Saved data entries:
(* Consider any demand-private coded caching scheme with $N=2$ files and $K=2$ users. Then for every $i\in\{0,1\}$ and $j\in\{0,1\}$, with $\tilde i=(i+1)\bmod 2$, the conditional joint distributions satisfy $(X,Z_1,W_j\mid D_1=j)\sim(X,Z_1,W_j\mid D_0=i,D_1=j)\sim(X,Z_1,W_j\mid D_0=\tilde i,D_1=j)$ and $(X,Z_0,W_j\mid D_0=j)\sim(X,Z_0,W_j\mid D_0=j,D_1=i)\sim(X,Z_0,W_j\mid D_0=j,D_1=\tilde i)$, where $\sim$ denotes equality of (conditional) distributions.
   Context: Setting ($N=K=2$): files $W_0,W_1$ independent, uniform on $[2^F]=\{0,\dots,2^F-1\}$; demands $D_0,D_1$ of users $0,1$ independent and uniform on $\{0,1\}$. User $k$ shares a key $S_k$ (finite alphabet) with the server; the server has private randomness $P$ (finite alphabet); $P,S_0,S_1,D_0,D_1,W_0,W_1$ are mutually independent. Cache content $Z_k=(C_k(S_k,P,W_0,W_1),S_k)$ with $C_k$ valued in $[2^{MF}]$; broadcast $X=(E(W_0,W_1,D_0,D_1,P,S_0,S_1),J(D_0,D_1,P,S_0,S_1))$ with $E$ valued in $[2^{RF}]$ and $J$ valued in a finite set of negligible $\log_2$-size relative to $F$. The scheme is demand-private if (decodability) $W_{D_k}$ is a deterministic function of $(D_k,S_k,X,Z_k)$ for each $k$, and (privacy) $I(D_1;Z_0,X,D_0)=0$ and $I(D_0;Z_1,X,D_1)=0$. *)

From mathcomp Require Import all_boot all_order all_algebra.
From mathcomp Require Import reals exp.
Set Implicit Arguments. Unset Strict Implicit. Unset Printing Implicit Defensive.
Import Order.TTheory GRing.Theory Num.Theory.
Local Open Scope ring_scope.
Lemma halting_approx_sound s q : halting_approx s q = 1 -> halting_set q.
Proof.
rewrite /halting_approx /ltnb /run0; case E: (run _ s q q) => [|y] // _.
by exists y; apply: run_sound E.
Qed.

Lemma halting_approx_limit q : exists T, forall s, T <= s -> halting_approx s q = halting_char q.
Proof.
rewrite /halting_char; case: excluded_middle_informative => [[y ev_y] | not_halt].
  have [s Hs] := run_complete no_oracle_graph ev_y (erefl (decode q)).
  by exists s => s' le_s; rewrite /halting_approx /run0 (run_mono le_s Hs).
exists 0 => s _; rewrite /halting_approx /ltnb; case E: (0 < _) => //.
by case: not_halt; apply: (@halting_approx_sound s); rewrite /halting_approx /ltnb E.
Qed.

Section Backward.
Variables (A : nat -> bool) (pA pw : prog) (w : nat -> nat).
Hypothesis pA_enum : forall x, A x <-> exists y, eval no_oracle pA x y.
Hypothesis pw_w : forall k, eval (char_graph halting_set) pw k (w k).
Hypothesis w_dense : witnesses_density_one w A.

Definition enum_at s x : bool := 0 < run0 s (code pA) x.

Lemma enum_at_sub s x : enum_at s x -> A x.
Proof.
rewrite /enum_at; case E: (run0 s (code pA) x) => [|y] // _.
by apply/pA_enum; exists y; rewrite -(codeK pA); apply: run_sound E.
Qed.

Lemma enum_at_limit n : exists S, forall s, S <= s -> forall x, x < n -> enum_at s x = A x.
Proof.
have [S HS] : exists S, forall x, x < n -> forall s, S <= s -> enum_at s x = A x.
  apply: exists_common_stage => [x S S' le_S HS s le_s | x _]; first by apply: HS; lia.
  case Ax: (A x); last by exists 0 => s _; apply/negbTE/(contraFN (@enum_at_sub s x) Ax).
  have [y /run_complete-/(_ _ no_oracle_graph _ (codeK pA)) [S HS]] := (pA_enum x).1 Ax.
  by exists S => s le_s; rewrite /enum_at /run0 (run_mono le_s HS).
by exists S => s le_s x lt_x; apply: HS.
Qed.

(* The limit lemma: the reduction [pw] run with clock [s] relative to the
   stage-[s] approximation of the halting set. *)
Definition limit_approx k s := (run_approx s s (code pw) k).-1.

Lemma limit_approx_limit k : exists S, forall s, S <= s -> limit_approx k s = w k.
Proof.
have [s0 Hs0] := run_complete char_graph_halting (pw_w k) (codeK pw).
have [T HT] : exists T,
    forall q, q < s0.+1 -> forall s, T <= s -> halting_approx s q = halting_char q.
  apply: exists_common_stage => [q T T' le_T HT s le_s | q _]; last exact: halting_approx_limit.
  by apply: HT; lia.
exists (maxn s0 T) => s le_s; rewrite /limit_approx /run_approx.
have run_s0 : run (halting_approx s) s0 (code pw) k = (w k).+1.
  by rewrite -Hs0; apply: eq_run => q le_q; apply: HT; lia.
by rewrite (run_mono _ run_s0) //; lia.
Qed.

Definition ready_at s j k : bool :=
  (2 ^ j < limit_approx k s) || (2 ^ k * miss (enum_at s) (2 ^ j.+1 - 1) < 2 ^ j.+1).

Definition ready_pr s j :=
  prim_rec (fun _ => 1) (fun p k r =>
    r * ifnz (ltnb (2 ^ nsnd p) (limit_approx k (nfst p))) 1
      (ltnb (2 ^ k * miss_pr (fun s x => ltnb 0 (run0 s (code pA) x))
                       (nfst p) (2 ^ (nsnd p).+1 - 1))
            (2 ^ (nsnd p).+1)))
    (npair s j) j.+1.

Lemma ready_prE s j : ready_pr s j = all (ready_at s j) (iota 0 j.+1).
Proof.
rewrite /ready_pr; elim: j.+1 => [|n IH] //.
have -> : iota 0 n.+1 = rcons (iota 0 n) n by rewrite -cats1 -addn1 iotaD.
rewrite prim_recS IH !(nfst_pair, nsnd_pair) all_rcons andbC.
rewrite (miss_prE enum_at) /ready_at /ltnb.
by case: (2 ^ j < _); rewrite ?ifnzS ?ifnz0; case: (all _ _); case: (_ < _).
Qed.

Lemma exists_ready_stage j : exists d, all (ready_at (j + d) j) (iota 0 j.+1).
Proof.
have [S1 HS1] : exists S, forall k, k < j.+1 -> forall s, S <= s -> limit_approx k s = w k.
  apply: exists_common_stage => [k S S' le_S HS s le_s | k _]; last exact: limit_approx_limit.
  by apply: HS; lia.
have [S2 HS2] := enum_at_limit (2 ^ j.+1 - 1).
exists (S1 + S2); apply/allP => k; rewrite mem_iota add0n => /andP [_ lt_k].
rewrite /ready_at HS1 //; last lia.
case: ltnP => //= le_w; set n := 2 ^ j.+1 - 1.
have n_gt0 : 0 < n by rewrite /n expnS; have := expn_gt0 2 j; lia.
have -> : miss (enum_at (j + (S1 + S2))) n = miss A n.
  by apply: eq_in_count => x; rewrite mem_iota add0n => /andP [_ lt_x] /=; rewrite HS2 //; lia.
have := (witnesses_density_oneP w A).1 w_dense k n; rewrite /n expnS.
by have := expn_gt0 2 j; lia.
Qed.

Definition ready_delay j := ex_minn (exists_ready_stage j).
Definition ready_stage j := j + ready_delay j.

Lemma ready_stageP j : all (ready_at (ready_stage j) j) (iota 0 j.+1).
Proof. by rewrite /ready_stage /ready_delay; case: ex_minnP. Qed.

Lemma computable_ready_delay : computable_in no_oracle ready_delay.
Proof.
apply: (@computable_mu _ (fun n => 1 - ready_pr (nfst n + nsnd n) (nfst n))).
  by rewrite /ready_pr /limit_approx /miss_pr; computable_tac.
move=> j; rewrite !(nfst_pair, nsnd_pair) ready_prE /ready_delay.
case: ex_minnP => d -> min_d; split=> // i lt_i; rewrite !(nfst_pair, nsnd_pair) ready_prE.
by case E: (all _ _) => //; have := min_d i E; lia.
Qed.

(* [trunc_log 2 x.+1] is the index [j] of the dyadic block
   [[2^j - 1, 2^(j+1) - 1)] containing [x]. *)
Definition dense_part x := enum_at (ready_stage (trunc_log 2 x.+1)) x.

Lemma dense_part_sub x : dense_part x -> A x.
Proof. exact: enum_at_sub. Qed.

Lemma computable_dense_part : computable_set dense_part.
Proof.
have ready_delay_computable := computable_ready_delay.
apply: (@eq_computable _ (fun x => ltnb 0
  (run0 (trunc_log 2 x.+1 + ready_delay (trunc_log 2 x.+1)) (code pA) x))) => //.
computable_tac.
Qed.

Lemma block_miss_dense_part j :
  block_miss dense_part j = block_miss (enum_at (ready_stage j)) j.
Proof.
apply: eq_in_count => x; rewrite mem_iota => /andP [le_x lt_x].
rewrite /= /dense_part (@trunc_log_eq 2 j x.+1) //.
by have := expn_gt0 2 j; rewrite expnS in lt_x *; lia.
Qed.

Lemma dense_part_blocks k :
  exists J, forall j, J <= j -> 2 ^ k * block_miss dense_part j <= 2 ^ j.+1.
Proof.
have [S HS] := limit_approx_limit k.
exists (maxn (maxn S k) (w k)) => j le_j.
have : ready_at (ready_stage j) j k.
  by apply: (allP (ready_stageP j)); rewrite mem_iota; lia.
case/orP => [|few_missing].
  rewrite HS; last by rewrite /ready_stage; lia.
  by have := ltn_expl j (ltnSn 1); lia.
apply: leq_trans (ltnW few_missing).
by rewrite block_miss_dense_part leq_mul2l miss_pow2S leq_addl orbT.
Qed.

End Backward.

Lemma dense_computable_subset A : ce_set A ->
  (exists w, leT_halting w /\ witnesses_density_one w A) ->
  exists B, computable_set B /\ (forall x, B x -> A x) /\ density_one B.
Proof.
move=> [pA pA_enum] [w [[pw pw_w] w_dense]].
exists (dense_part pA_enum pw_w w_dense); split; last split.
- exact: computable_dense_part.
- exact: dense_part_sub.
- exact/density_one_blocks/dense_part_blocks.
Qed.

Theorem mainTheorem12 (A : nat -> bool) :
  ce_set A -> density_one A ->
  ((exists B : nat -> bool,
       computable_set B /\ (forall x, B x -> A x) /\ density_one B)
   <->
   (exists w : nat -> nat, leT_halting w /\ witnesses_density_one w A)).
Proof.
move=> A_ce _; split=> [[B [B_computable [sub_BA B_dense]]] |].
  exact: leT_halting_witness B_computable sub_BA B_dense.
exact: dense_computable_subset.
Qed.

__Work order__
Lines to set down from above: the line with "by exists S => s le_s;", the line with "forall q, q", and every line between, each exactly as written.

__Output for this exercise__
  by exists S => s le_s; rewrite /enum_at /run0 (run_mono le_s HS).
by exists S => s le_s x lt_x; apply: HS.
Qed.

(* The limit lemma: the reduction [pw] run with clock [s] relative to the
   stage-[s] approximation of the halting set. *)
Definition limit_approx k s := (run_approx s s (code pw) k).-1.

Lemma limit_approx_limit k : exists S, forall s, S <= s -> limit_approx k s = w k.
Proof.
have [s0 Hs0] := run_complete char_graph_halting (pw_w k) (codeK pw).
have [T HT] : exists T,
    forall q, q < s0.+1 -> forall s, T <= s -> halting_approx s q = halting_char q.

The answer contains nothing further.